Strong Swiss franc alarms unions and exporters

Discussion in 'Wall St. News' started by ASusilovic, Oct 6, 2010.

  1. Recent cases of Swiss firms paying cross-border workers in euros or slashing salaries to cope with a strong Swiss franc are not isolated, warn unions.

    The franc has appreciated by ten per cent against the euro since the start of 2010, much to the disquiet of unions and exporters. But economists say the impact of a strong franc on Swiss firms is not black or white.

    At the beginning of September the Swiss logistics firm Stöcklin, based in Dornach, south of Basel, sent letters to 120 of its cross-border workers who live in France and Germany proposing a new contract with a six per cent salary cut – or SFr300 per month.

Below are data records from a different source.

(* If $(X,d,\ll,\le,\tau)$ is a strongly causal Lorentzian length space, then for each $x\in X$ there exists a neighborhood $V$ of $x$ such that $\tau|_{V\times V}$ is continuous.
   Context: A causal space $(X,\ll,\le)$ is a set $X$ with two transitive relations $\ll,\le$ such that $\le$ is reflexive and $x\ll y\Rightarrow x\le y$; write $p<q$ if $p\le q$ and $p\neq q$. Set $I^+(x)=\{y: x\ll y\}$, $I^-(x)=\{y: y\ll x\}$, $J^+(x)=\{y:x\le y\}$, $J^-(x)=\{y:y\le x\}$. A Lorentzian pre-length space $(X,d,\ll,\le,\tau)$ is a causal space together with a metric $d$ on $X$ and a function $\tau:X\times X\to[0,\infty]$ that is lower semicontinuous with respect to the topology of $d$, satisfies $\tau(x,z)\ge\tau(x,y)+\tau(y,z)$ whenever $x\le y\le z$, $\tau(x,y)=0$ if $x\not\le y$, and $\tau(x,y)>0\iff x\ll y$. All topological notions refer to the metric topology of $d$. A future directed causal (resp. timelike) curve is a non-constant Lipschitz map $\gamma:I\to X$ ($I\subset\mathbb R$ an interval) with $\gamma(s)\le\gamma(t)$ (resp. $\gamma(s)\ll\gamma(t)$) for all $s<t$. For a future directed causal $\gamma:[a,b]\to X$, $L_\tau(\gamma)=\inf\sum_{i=0}^{N-1}\tau(\gamma(t_i),\gamma(t_{i+1}))$ over all partitions $a=t_0<\dots<t_N=b$. The space is causally path connected if whenever $x\le y$ (resp. $x\ll y$) there is a future directed causal (resp. timelike) curve from $x$ to $y$. For open $U\subset X$, $p\le_U q$ means there is a future directed causal curve from $p$ to $q$ with image in $U$. A neighborhood $U$ is causally closed if whenever $p_n\le_U q_n$ with $p_n\to p\in U$, $q_n\to q\in U$, then $p\le_U q$; the space is locally causally closed if every point has a causally closed neighborhood. The space is localizable if every $x$ has a neighborhood $\Omega_x$ such that: (i) all causal curves contained in $\Omega_x$ have uniformly bounded $d$-length; (ii) there is a continuous $\omega_x:\Omega_x\times\Omega_x\to[0,\infty)$ such that $(\Omega_x,d|_{\Omega_x\times\Omega_x},\ll|_{\Omega_x},\le|_{\Omega_x},\omega_x)$ is a Lorentzian pre-length space, and $I^\pm(y)\cap\Omega_x\ne\emptyset$ for every $y\in\Omega_x$; (iii) for all $p,q\in\Omega_x$ with $p<q$ there is a future causal curve $\gamma_{p,q}$ from $p$ to $q$ with $L_\tau(\gamma_{p,q})\ge L_\tau(\gamma)$ for every future causal curve $\gamma\subset\Omega_x$ from $p$ to $q$, and $L_\tau(\gamma_{p,q})=\omega_x(p,q)$. A Lorentzian length space is a causally path connected, locally causally closed, localizable Lorentzian pre-length space with $\tau(x,y)=\sup\{L_\tau(\gamma):\gamma$ a future causal curve from $x$ to $y\}$. Strongly causal: the Alexandrov topology (topology with subbase $\{I^+(x)\cap I^-(y):x,y\in X\}$) coincides with the metric topology of $d$. *)

From Stdlib Require Import Reals Lra List.
From Coquelicot Require Import Coquelicot.
Open Scope R_scope.

Section LorentzianLengthSpaces.
Context {X : Type}.

Definition is_metric (d : X -> X -> R) : Prop :=
  (forall x y, 0 <= d x y) /\
  (forall x y, d x y = 0 <-> x = y) /\
  (forall x y, d x y = d y x) /\
  (forall x y z, d x z <= d x y + d y z).

Definition open_d (d : X -> X -> R) (U : X -> Prop) : Prop :=
  forall x, U x -> exists e, 0 < e /\ forall y, d x y < e -> U y.

Definition nbhd (d : X -> X -> R) (x : X) (N : X -> Prop) : Prop :=
  exists U, open_d d U /\ U x /\ forall y, U y -> N y.

Definition seq_converges (d : X -> X -> R) (p : nat -> X) (l : X) : Prop :=
  forall e, 0 < e -> exists N, forall n, (N <= n)%nat -> d (p n) l < e.

Fixpoint rsum (f : nat -> R) (n : nat) : R :=
  match n with O => 0 | S k => rsum f k + f k end.
Fixpoint rbsum (f : nat -> Rbar) (n : nat) : Rbar :=
  match n with O => Finite 0 | S k => Rbar_plus (rbsum f k) (f k) end.

Definition Rbar_set_lub (S : Rbar -> Prop) (v : Rbar) : Prop :=
  (forall s, S s -> Rbar_le s v) /\
  (forall w, (forall s, S s -> Rbar_le s w) -> Rbar_le v w).
Definition Rbar_set_glb (S : Rbar -> Prop) (v : Rbar) : Prop :=
  (forall s, S s -> Rbar_le v s) /\
  (forall w, (forall s, S s -> Rbar_le w s) -> Rbar_le w v).

Definition is_interval (I : R -> Prop) : Prop :=
  forall s t u, I s -> I u -> s <= t <= u -> I t.

Definition lipschitz_on (d : X -> X -> R) (I : R -> Prop) (g : R -> X) : Prop :=
  exists L, 0 <= L /\
    forall s t, I s -> I t -> d (g s) (g t) <= L * Rabs (s - t).

Definition rel_curve_on (d : X -> X -> R) (rel : X -> X -> Prop)
    (I : R -> Prop) (g : R -> X) : Prop :=
  is_interval I /\ lipschitz_on d I g /\
  (exists s t, I s /\ I t /\ g s <> g t) /\
  (forall s t, I s -> I t -> s < t -> rel (g s) (g t)).

Definition causal_curve_on d (le : X -> X -> Prop) I g := rel_curve_on d le I g.
Definition timelike_curve_on d (ll : X -> X -> Prop) I g := rel_curve_on d ll I g.

Definition rel_curve_from_to (d : X -> X -> R) (rel : X -> X -> Prop)
    (g : R -> X) (a b : R) (p q : X) : Prop :=
  a < b /\ rel_curve_on d rel (fun t => a <= t <= b) g /\ g a = p /\ g b = q.

Definition partition (a b : R) (t : nat -> R) (N : nat) : Prop :=
  (1 <= N)%nat /\ t O = a /\ t N = b /\
  forall i, (i < N)%nat -> t i < t (S i).

Definition is_Ltau (tau : X -> X -> Rbar) (g : R -> X) (a b : R) (v : Rbar) : Prop :=
  Rbar_set_glb
    (fun s => exists t N, partition a b t N /\
        s = rbsum (fun i => tau (g (t i)) (g (t (S i)))) N) v.

Definition is_LPLS_on (A : X -> Prop) (d : X -> X -> R)
    (ll le : X -> X -> Prop) (tau : X -> X -> Rbar) : Prop :=
  (forall x y z, A x -> A y -> A z -> ll x y -> ll y z -> ll x z) /\
  (forall x y z, A x -> A y -> A z -> le x y -> le y z -> le x z) /\
  (forall x, A x -> le x x) /\
  (forall x y, A x -> A y -> ll x y -> le x y) /\
  (forall x y, A x -> A y -> Rbar_le (Finite 0) (tau x y)) /\
  (forall x y, A x -> A y -> forall r : R, Rbar_lt (Finite r) (tau x y) ->
     exists e, 0 < e /\ forall x' y', A x' -> A y' ->
       d x x' < e -> d y y' < e -> Rbar_lt (Finite r) (tau x' y')) /\
  (forall x y z, A x -> A y -> A z -> le x y -> le y z ->
     Rbar_le (Rbar_plus (tau x y) (tau y z)) (tau x z)) /\
  (forall x y, A x -> A y -> ~ le x y -> tau x y = Finite 0) /\
  (forall x y, A x -> A y -> (Rbar_lt (Finite 0) (tau x y) <-> ll x y)).

Definition causally_path_connected d (ll le : X -> X -> Prop) : Prop :=
  (forall x y, le x y -> x <> y ->
     exists g a b, rel_curve_from_to d le g a b x y) /\
  (forall x y, ll x y -> exists g a b, rel_curve_from_to d ll g a b x y).

Definition le_in (d : X -> X -> R) (le : X -> X -> Prop) (U : X -> Prop) (p q : X) : Prop :=
  p = q \/ exists g a b, rel_curve_from_to d le g a b p q /\
                         forall t, a <= t <= b -> U (g t).

Definition causally_closed d le (U : X -> Prop) : Prop :=
  forall (p q : nat -> X) (p0 q0 : X),
    (forall n, le_in d le U (p n) (q n)) ->
    seq_converges d p p0 -> seq_converges d q q0 -> U p0 -> U q0 ->
    le_in d le U p0 q0.

Definition locally_causally_closed d le : Prop :=
  forall x, exists U, open_d d U /\ U x /\ causally_closed d le U.

Definition localizable_at d (ll le : X -> X -> Prop) (tau : X -> X -> Rbar) (x : X) : Prop :=
  exists Om : X -> Prop, nbhd d x Om /\
  (* (i) causal curves in Om have uniformly bounded d-length *)
  (exists C, forall I g, causal_curve_on d le I g -> (forall t, I t -> Om (g t)) ->
     forall (t : nat -> R) (N : nat), (forall i, (i <= N)%nat -> I (t i)) ->
       (forall i, (i < N)%nat -> t i < t (S i)) ->
       rsum (fun i => d (g (t i)) (g (t (S i)))) N <= C) /\
  exists om : X -> X -> R,
  (forall y z, Om y -> Om z -> forall e, 0 < e -> exists dl, 0 < dl /\
     forall y' z', Om y' -> Om z' -> d y y' < dl -> d z z' < dl ->
       Rabs (om y' z' - om y z) < e) /\
  (forall y z, Om y -> Om z -> 0 <= om y z) /\
  is_LPLS_on Om d ll le (fun y z => Finite (om y z)) /\
  (forall y, Om y -> (exists z, Om z /\ ll y z) /\ (exists z, Om z /\ ll z y)) /\
  (forall p q, Om p -> Om q -> le p q -> p <> q ->
     exists g a b, rel_curve_from_to d le g a b p q /\
       is_Ltau tau g a b (Finite (om p q)) /\
       forall g' a' b', rel_curve_from_to d le g' a' b' p q ->
         (forall t, a' <= t <= b' -> Om (g' t)) ->
         forall w, is_Ltau tau g' a' b' w -> Rbar_le w (Finite (om p q))).

(* tau(x,y) = sup of L_tau over causal curves from x to y, with sup {} := 0 *)
Definition Ltau_values d (le : X -> X -> Prop) (tau : X -> X -> Rbar) (x y : X)
    (v : Rbar) : Prop :=
  exists g a b, rel_curve_from_to d le g a b x y /\ is_Ltau tau g a b v.

Definition intrinsic d (le : X -> X -> Prop) (tau : X -> X -> Rbar) : Prop :=
  forall x y,
    ((exists v, Ltau_values d le tau x y v) /\
       Rbar_set_lub (Ltau_values d le tau x y) (tau x y)) \/
    ((~ exists v, Ltau_values d le tau x y v) /\ tau x y = Finite 0).

Definition is_Lorentzian_length_space d (ll le : X -> X -> Prop) (tau : X -> X -> Rbar) : Prop :=
  is_metric d /\
  is_LPLS_on (fun _ => True) d ll le tau /\
  causally_path_connected d ll le /\
  locally_causally_closed d le /\
  (forall x, localizable_at d ll le tau x) /\
  intrinsic d le tau.

(* open sets of the topology generated by the subbase {I^+(x) & I^-(y)} *)
Definition alexandrov_open (ll : X -> X -> Prop) (U : X -> Prop) : Prop :=
  forall z, U z -> exists l : list (X * X),
    List.Forall (fun pr => ll (fst pr) z /\ ll z (snd pr)) l /\
    forall w, List.Forall (fun pr => ll (fst pr) w /\ ll w (snd pr)) l -> U w.

Definition strongly_causal d (ll : X -> X -> Prop) : Prop :=
  forall U, alexandrov_open ll U <-> open_d d U.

    The management argued that they had benefited from a 12 per cent rise in their purchasing power as their salaries were paid in Swiss francs. Ten workers who refused this measure were sacked.


    Swiss printing firm Karl Augustin went even further. At the beginning of August the company, based in Thayngen in canton Schaffhausen, decided to pay its 15 cross-border workers in euros rather than Swiss francs – and using a SFr1.55 per euro exchange rate calculation, while the present rate stands at SFr1.34 per euro.

    “After pressure we managed to change this to the current rate,” chief economist of the Swiss Trade Union Federation, Daniel Lampart, told swissinfo.ch, adding that the federation was considering court action over a related dismissal.

    Although these are the two main cases that have recently come to the public’s attention, the federation has indications that there are others involving firms paying in euros to try to “make profit on the back of employees”, especially cross-border workers, said Lampart.

    “This is illegal,” he warned. “By opening our labour market to the free movement of EU workers we guaranteed the Swiss people that Swiss salaries would be paid in Swiss francs – it’s the law.”

    In the 1990s Swiss unions denounced similar salary dumping moves by Ticino clothing firms, which tried to pay their staff in Italian lire after the currency slumped.

    “It hurts”

    Although Swiss manufacturing exports have started to pick up in recent months, the strong franc continues to eat into margins, particularly for companies that send the lion’s share of their goods to the European market.

    The euro zone is Switzerland’s biggest trading partner and industry groups have warned that the franc’s rise against the euro could force companies to move production outside Switzerland.

    “It hurts us that the Swiss franc appreciates because we produce nearly everything in Switzerland,” Friday’s Swiss daily Blick quoted Swatch chief executive Nick Hayek as saying.